Screenshots wären natürlich nett  . Die Daniel K. Treiber habe ich jetzt nicht installiert, aber ich werde das jetzt mal tun und die ausprobieren, den "erweitert" Button habe ich jetzt gefunden , war eigentlich offensichtlich.
Zu dem Badewannensound kann ich auch nur sagen, dass der mich eigentlich auch kaum stört, jedenfalls nicht der Bass. Lediglich die Höhen sind manchmal ein wenig(!!) "pregnant". Wenn ich MW3 daddel, hab ich manchmal Angst selbst taub zu werden, wenn nebem mir eine Flashbang hoch geht und die Waffen sind auch ein bisschen schrill, vielleicht gewöhne ich mich aber auch noch daran, vielleicht findet sich aber auch eine Möglichkeit das einzudämmen, man weiß es nicht.

Vielleicht liegen die übertriebenen Höhen aber auch nur am Spiel, ist schwer zu sagen, bei anderen Spielen fällt das jedenfalls nicht so auf.


----------



## Jackey555 (1. März 2013)

Screenshots sind ja sinnfrei wenn du die Einstellung bereits gefunden hast.

Auf welchen Einstellungen spielst du denn jetzt? Nach einer längeren Zeit auf 2.1/2.0 fand ich die Einstellung Kopfhörer nur noch furchtbar.
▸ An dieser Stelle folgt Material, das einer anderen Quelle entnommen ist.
(* A TAR isomorphism F between D(G) and D(H) is induced by a vertex bijection
   preserving dominating sets.  Label each vertex v of G by the unique vertex
   sigma v in the one-element set F(V) (+) F(V - v).  Opposite sides of a
   square of the hypercube flip the same element, so, by downward induction,
   every edge S -- S + v of D(G) is sent to an edge flipping sigma v; hence
   F S = F(V) (+) sigma(V - S), and comparing F(V) with the dominating sets
   V - x and the non-neighbourhoods of vertices shows F(V) = sigma(V), so
   F S = sigma(S).

   Dominating sets determine the inclusion-minimal closed neighbourhoods.  In
   K_{p,q} with p, q >= 2 all closed neighbourhoods are minimal, so a graph G
   on the same vertices with the same dominating sets has N_G[v] = N_K[t v]
   for a permutation t.  Either t is the identity and G = K_{p,q}, or t has no
   fixed point and swaps the two sides, which forces p = q and turns G into
   two cliques joined by a perfect matching, the prism K_p [] K_2.  For the
   star K_{1,q} the dominating sets force the edges directly, and
   K_2 [] K_2 = C_4 = K_{2,2}. *)

Section SymmetricDifference.
Variable T : finType.
Implicit Types A B C D X : {set T}.

Lemma in_symdiff A B x : (x \in symdiff A B) = (x \in A) (+) (x \in B).
Proof. by rewrite !inE; case: (x \in A); case: (x \in B). Qed.

Lemma symdiffC A B : symdiff A B = symdiff B A.
Proof. by apply/setP=> x; rewrite !in_symdiff addbC. Qed.

Lemma symdiff_mem A B C x : symdiff A B = C -> (x \in B) = (x \in A) (+) (x \in C).
Proof. by move=> <-; rewrite in_symdiff; case: (x \in A); case: (x \in B). Qed.

Lemma symdiff_setU1 X v : v \notin X -> symdiff X (v |: X) = [set v].
Proof.
move=> vX; apply/setP=> x; rewrite in_symdiff !inE.
by case: (eqVneq x v) => [->|]; rewrite ?(negbTE vX) //= addbb.
Qed.

Lemma symdiff1_square A B C D i j k l :
  symdiff A B = [set i] -> symdiff B C = [set j] -> symdiff C D = [set k] ->
  symdiff D A = [set l] -> A != C -> B != D -> i = k.
Proof.
move=> hAB hBC hCD hDA nAC nBD.
have flip X Y a x : symdiff X Y = [set a] -> (x \in Y) = (x \in X) (+) (x == a).
  by move/symdiff_mem=> ->; rewrite in_set1.
have ij : i != j.
  apply: contra nAC => /eqP ij; apply/eqP/setP => x.
  by rewrite (flip _ _ _ _ hBC) (flip _ _ _ _ hAB) ij -addbA addbb addbF.
have il : i != l.
  apply: contra nBD => /eqP il; apply/eqP/setP => x.
  rewrite symdiffC in hDA.
  by rewrite (flip _ _ _ _ hDA) (flip _ _ _ _ hAB) il.
have := flip _ _ _ i hAB; have := flip _ _ _ i hBC; have := flip _ _ _ i hCD.
have := flip _ _ _ i hDA; rewrite eqxx (negbTE ij) (negbTE il).
case: (eqVneq i k) => // _.
by case: (i \in A); case: (i \in B); case: (i \in C); case: (i \in D).
Qed.

End SymmetricDifference.

Lemma set_down_ind (T : finType) (P : {set T} -> Prop) :
  (forall X : {set T}, (forall w, w \notin X -> P (w |: X)) -> P X) -> forall X, P X.
Proof.
move=> IH X; move: {2}#|~: X| (leqnn #|~: X|) => n; elim: n X => [|n IHn] X hX.
  apply: IH => w wX.
  by move: hX; rewrite leqn0 => /eqP/cards0_eq/setP/(_ w); rewrite !inE wX.
apply: IH => w wX; apply: IHn.
rewrite -ltnS (leq_trans _ hX) // [ltnRHS](cardsD1 w) inE wX add1n ltnS.
by apply: subset_leq_card; apply/subsetP => x; rewrite !inE negb_or andbC.
Qed.

Definition closed_nbhd (T : finType) (e : rel T) (x : T) : {set T} :=
  [set y | (y == x) || e x y].

Section Domination.
Variables (T : finType) (e : rel T).
Implicit Types A B : {set T}.

Lemma dominatingP A :
  reflect (forall x, exists2 y, y \in A & y \in closed_nbhd e x) (dominating e A).
Proof.
apply: (iffP forallP) => H x.
  case/orP: (H x) => [xA|/existsP[y /andP[yA exy]]].
    by exists x; rewrite // inE eqxx.
  by exists y; rewrite // inE exy orbT.
case: (H x) => y yA; rewrite inE => /orP[/eqP<-|exy]; first by rewrite yA.
by apply/orP; right; apply/existsP; exists y; rewrite yA.
Qed.

Lemma dominatingPn A :
  reflect (exists v, forall y, y \in closed_nbhd e v -> y \notin A)
          (~~ dominating e A).
Proof.
apply: (iffP idP) => [|[v Hv]]; last first.
  by apply/dominatingP => D; case: (D v) => y yA /Hv; rewrite yA.
move=> /forallPn[v]; rewrite negb_or negb_exists => /andP[vA /forallP H].
exists v => y; rewrite inE => /orP[/eqP->//|evy].
by apply/negP=> yA; move: (H y); rewrite yA evy.
Qed.

Lemma dominatingS A B : A \subset B -> dominating e A -> dominating e B.
Proof.
move=> sAB /dominatingP H; apply/dominatingP => x.
by case: (H x) => y yA yN; exists y => //; apply: (subsetP sAB).
Qed.

Lemma dominatingT : dominating e setT.
Proof. by apply/dominatingP => x; exists x; rewrite ?inE ?eqxx. Qed.

Lemma dominating_setD1 v :
  irreflexive e -> no_isolated e -> dominating e (setT :\ v).
Proof.
move=> eirr noiso; apply/dominatingP => x; case: (eqVneq x v) => [->|xv].
  case: (noiso v) => y evy; exists y; last by rewrite inE evy orbT.
  by rewrite !inE andbT; apply: contraTneq evy => ->; rewrite eirr.
by exists x; rewrite !inE ?xv ?eqxx.
Qed.

End Domination.

(* The complement of N_r[x] does not dominate for r, hence not for e either. *)
Lemma same_dominating_nbhd_sub (T : finType) (e r : rel T) :
  (forall A, dominating e A = dominating r A) ->
  forall x, exists v, closed_nbhd e v \subset closed_nbhd r x.
Proof.
move=> H x.
have : ~~ dominating r (~: closed_nbhd r x).
  by apply/dominatingPn; exists x => y yN; rewrite inE yN.
rewrite -H => /dominatingPn[v Hv]; exists v; apply/subsetP => y /Hv.
by rewrite inE negbK.
Qed.

Section TarIsoDomination.
Variables (T U : finType) (e : rel T) (r : rel U).
Hypotheses (e_simple : simple_graph e) (e_noiso : no_isolated e).
Hypotheses (r_irr : irreflexive r) (r_noiso : no_isolated r).

Variable F : {set T} -> {set U}.
Hypothesis F_dom : forall S, dominating e S -> dominating r (F S).
Hypothesis F_inj :
  forall S S', dominating e S -> dominating e S' -> F S = F S' -> S = S'.
Hypothesis F_surj : forall Y, dominating r Y -> exists2 S, dominating e S & F S = Y.
Hypothesis F_flip : forall S v, dominating e S -> v \notin S ->
  exists i, symdiff (F S) (F (v |: S)) = [set i].

Variable sigma : T -> U.
Hypothesis sigma_flip :
  forall v, symdiff (F setT) (F (setT :\ v)) = [set sigma v].

Let dom_setD1 v := dominating_setD1 v e_simple.2 e_noiso.

Lemma F_flip_sigma X v : dominating e X -> v \notin X ->
  symdiff (F X) (F (v |: X)) = [set sigma v].
Proof.
elim/set_down_ind: X => X IH dX vX.
case: (set_0Vmem (~: (v |: X))) => [/(congr1 (@setC _)) | [w]].
  rewrite setCK setC0 => vXT.
  suff -> : X = setT :\ v by rewrite setD1K ?inE // symdiffC.
  by rewrite -vXT setU1K.
rewrite inE => Hw.
have wv : w != v by apply: contraNneq Hw => ->; rewrite setU11.
have wX : w \notin X by apply: contra Hw => wX; rewrite inE wX orbT.
have vwX : v \notin w |: X by rewrite !inE negb_or eq_sym wv.
have dvX : dominating e (v |: X) by apply: dominatingS dX; apply: subsetUr.
have dwX : dominating e (w |: X) by apply: dominatingS dX; apply: subsetUr.
have dvwX : dominating e (v |: (w |: X)).
  by apply: dominatingS dwX; apply: subsetUr.
have [i hAB] := F_flip dX vX.
have [j hBC] : exists j, symdiff (F (v |: X)) (F (v |: (w |: X))) = [set j].
  by rewrite setUCA; apply: F_flip; rewrite // !inE negb_or wv.
have hCD : symdiff (F (v |: (w |: X))) (F (w |: X)) = [set sigma v].
  by rewrite symdiffC; apply: IH.
have [l hDA] : exists l, symdiff (F (w |: X)) (F X) = [set l].
  by have [l hl] := F_flip dX wX; exists l; rewrite symdiffC.
rewrite hAB (symdiff1_square hAB hBC hCD hDA) //.
  apply: contraNneq vX => /(F_inj dX dvwX) ->.
  by rewrite setU11.
apply: contraNneq vwX => /(F_inj dvX dwX) <-.
by rewrite setU11.
Qed.

Lemma sigma_inj : injective sigma.
Proof.
move=> v w E.
have FsetD1 x : F (setT :\ x) = symdiff (F setT) [set sigma x].
  by apply/setP=> y; rewrite (symdiff_mem y (sigma_flip x)) in_symdiff addbC.
have := FsetD1 v; rewrite E -FsetD1 => /(F_inj (dom_setD1 _) (dom_setD1 _)).
by move=> /setP/(_ v); rewrite !inE eqxx /=; case: eqVneq.
Qed.

Lemma F_symdiff S :
  dominating e S -> F S = symdiff (F setT) (sigma @: ~: S).
Proof.
elim/set_down_ind: S => S IH dS.
case: (set_0Vmem (~: S)) => [CS0 | [v]].
  rewrite CS0 imset0; have -> : S = setT by rewrite -[S]setCK CS0 setC0.
  by apply/setP=> x; rewrite in_symdiff inE addbF.
rewrite inE => vS.
have dvS : dominating e (v |: S) by apply: dominatingS dS; apply: subsetUr.
have CS : ~: S = v |: ~: (v |: S).
  by apply/setP=> x; rewrite !inE; case: (eqVneq x v) => [->|].
have nsv : sigma v \notin sigma @: ~: (v |: S).
  by rewrite mem_imset ?inE ?eqxx //; apply: sigma_inj.
have flip := F_flip_sigma dS vS; rewrite symdiffC in flip.
apply/setP=> x; rewrite (symdiff_mem x flip) IH // !in_symdiff CS imsetU1.
rewrite in_setU1 in_set1; case: (eqVneq x (sigma v)) => [->|_].
  by rewrite (negbTE nsv) addbF.
by rewrite /= addbF.
Qed.

Lemma mem_F_sigma S y : dominating e S ->
  (sigma y \in F S) = (sigma y \in F setT) (+) (y \notin S).
Proof.
by move=> dS; rewrite (F_symdiff dS) in_symdiff mem_imset ?inE //; apply: sigma_inj.
Qed.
Wie ergeht es dir? 
Hast du mal nach einer Lösung gesucht, um trotz Einstellungen 2.1/2.0 im Windos 5.1 einstellen zu können? Ich bin bisher leider nicht weiter ohne Rechner imo. Ich glaube da liegt die (noch?) nicht realisierbare perfekte Einstellung begraben.


----------



## Krachbummente (2. März 2013)

ja die Screens wären wirklich sinnlos, aber den Post habe ich auch ca. 3x nachträglich bearbeitet, da kommt einem sowas unter  .   Zu der Winkeleinstellung, bzw. es heißt "THX-Einrichtungskonsole" hab ich rausgefunden, dass ich es doch nicht übersehen hatte, das ist bei dem standard Programmpaket von Creative, also das welches man da momentan downloaden kann, nicht dabei, genauso wie viele andere Dinge, die ich vermisst habe. Jetzt hab ich eine Alternative installiert, sowas ähnliches wie die Daniel K Version, heißt nur anders, vlt. ist es aber auch das selbe, da ist jetzt alles dabei, insofern danke für den indirekten Tipp.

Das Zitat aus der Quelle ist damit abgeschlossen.